Twin studies provide us with a unique opportunity to determine the relative genetic and environmental contributions to a particular disease or feature.

We have been particularly interested in finding the genetic factors responsible for the features involved in glaucoma (intraocular pressure, corneal thickness, and optic disc size and shape). By comparing the similarity of these structures within identical, or monozygotic (MZ) twin pairs to that within non-identical, or dizygotic (DZ) pairs, we can determine how genetic or heritable each structure is. The more genetically based the structure is, the more similar they will be in MZ twin pairs (who share all of their genes), when compared to DZ twin pairs (who only share on average half their genes).

We are well on the way to establishing the heritability of the structures and features implicated in glaucoma. The next step will be to find and identify the genes that are responsible for these structures. These genes may be glaucoma genes.

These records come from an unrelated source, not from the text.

Lemma lt_four_sqrt_ln (n k : nat) : (k <= n)%N ->
  expR (- (Num.sqrt (n%:R : R) * ln n%:R)) ^+ 2 * (k`!%:R) ^+ 2 < n%:R ^+ k ->
  k%:R < 4 * Num.sqrt (n%:R : R) * ln n%:R.
Proof.
set q := Num.sqrt (n%:R : R); set L := ln (n%:R : R) => le_kn lt_n.
have q_ge0 : 0 <= q := sqrtr_ge0 _; have qq : q ^+ 2 = n%:R := sqr_sqrtr (ler0n _ _).
rewrite ltNge; apply/negP => le_k.
have [le_n1 | lt_1n] := leqP n 1.
  have s0 : q * L = 0.
    rewrite /q /L; have [-> | ->] : n = 0%N \/ n = 1%N by lia.
      by rewrite sqrtr0 mul0r.
    by rewrite ln1 mulr0.
  move: lt_n; rewrite s0 oppr0 expR0 expr1n mul1r ltNge => /negP; apply.
  apply: (@le_trans _ _ 1); first by rewrite exprn_ile1 ?ler0n ?lern1.
  by rewrite exprn_ege1 // ler1n fact_gt0.
have [lt_n4 | le_4n] := ltnP n 4.
  have L_gt : 3 / 5 < L := ln_nat_gt_3_5 lt_1n.
  have le_k3 : k%:R <= 3 :> R by rewrite ler_nat; lia.
  have ge_n2 : 2 <= n%:R :> R by rewrite ler_nat.
  have gt_q : 7 / 5 < q by nra.
  nra.
have L_gt : 6 / 5 < L := ln_nat_gt_6_5 le_4n.
have q_gt0 : 0 < q by rewrite sqrtr_gt0 ltr0n; lia.
have sL_gt0 : 0 < 4 * q * L by rewrite !mulr_gt0 //; lra.
have k_gt0 : (0 < k)%N by rewrite -(ltr0n R); apply: lt_le_trans le_k.
have E_ge : expR (- (k%:R / 2)) <= expR (- (q * L)) ^+ 2.
  have qL4 : 4 * q * L = 4 * (q * L) by ring.
  by rewrite -expRM_natl ler_expR; lra.
have lt_sq := sqr_lt_of_fact_sq_lt k_gt0 (ler0n _ n)
  (le_lt_trans (ler_wpM2r (exprn_ge0 _ (ler0n _ _)) E_ge) lt_n).
have gt_sq : expR (5 / 2) * n%:R < (4 * q * L) ^+ 2 := expR_5_2_lt_sq_four_sqrt_ln le_4n.
have le_sq : (4 * q * L) ^+ 2 <= k%:R ^+ 2 by rewrite lerXn2r ?nnegrE ?ler0n // ltW.
lra.
Qed.

End RealBounds.

Theorem lemma5 (R : realType) (n : nat) (la : seq nat) :
  is_partition n la ->
  expR (- (Num.sqrt (n%:R : R) * ln (n%:R : R))) * Num.sqrt ((n`!)%:R : R)
    < (dim_irrep n la)%:R ->
  (yd_width la)%:R < 4 * Num.sqrt (n%:R : R) * ln (n%:R : R) /\
  (yd_height la)%:R < 4 * Num.sqrt (n%:R : R) * ln (n%:R : R).
Proof.
move=> p_la lt_dim.
have bound k : (k <= n)%N ->
    (dim_irrep n la * dim_irrep n la <= 'C(n, k) * 'C(n, k) * (n - k)`!)%N ->
    k%:R < 4 * Num.sqrt (n%:R : R) * ln (n%:R : R).
  move=> le_kn le_dim.
  exact: lt_four_sqrt_ln le_kn (fact_sq_lt_expn (expR_ge0 _) le_kn le_dim lt_dim).
split; apply: bound.
- by rewrite -(nth_pad0 n) -[X in (_ <= X)%N](sumn_pad p_la) nth_le_sumn.
- exact: dim_irrep_sq_le_width.
- exact: size_partition_le.
- exact: dim_irrep_sq_le_height.
Qed.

Although the structures we are researching vary between individuals and in the normal population, there will most likely be certain genes that play a major role in controlling intraocular pressure and establishing the size and thickness of the cornea, and the size and shape of the optic disc. It is the variation of these structures between the non-identical twin pairs that will become important in the search for genes.

As part of this research, all twin participants have volunteered a DNA sample. This was either in the form of a cheek swab or as a blood sample. This DNA sample was first used to establish whether twin pairs are identical or non-identical when in doubt. The DNA in the non-identical twins will be subjected to a Genome Wide Scan. This involves tagging parts of the DNA with special markers. Although similar to one another, there will be subtle differences in the DNA from one non-identical twin to another. Using sophisticated analysis techniques we will try and link the differences (and similarities) between intraocular pressure, corneal thickness, and optic disc size in DZ twins with differences (and similarities) in their entire DNA marker pattern. In this way we hope to find regions of the DNA (gene regions) that explain the variation in eye features.

As we are studying normal twins, with normal eyes, the genes we identify will be responsible for the normal structure and function within the eye. But in the same way that researchers in Queensland identified a gene that causes albinism by investigating the genes for normal eye colour, we hope to find genes for glaucoma by first studying the genes for normal function.

An additional strength of a twin study is that can continue to be used for genetic analysis of many other unrelated phenotypes. Thereby rendering sample very useful for numerous other disease. Although this study is principally investigating the genetics of glaucoma and refractive error, the genetics of any biometric trait could be investigated in the future without requiring further laboratory expenditure.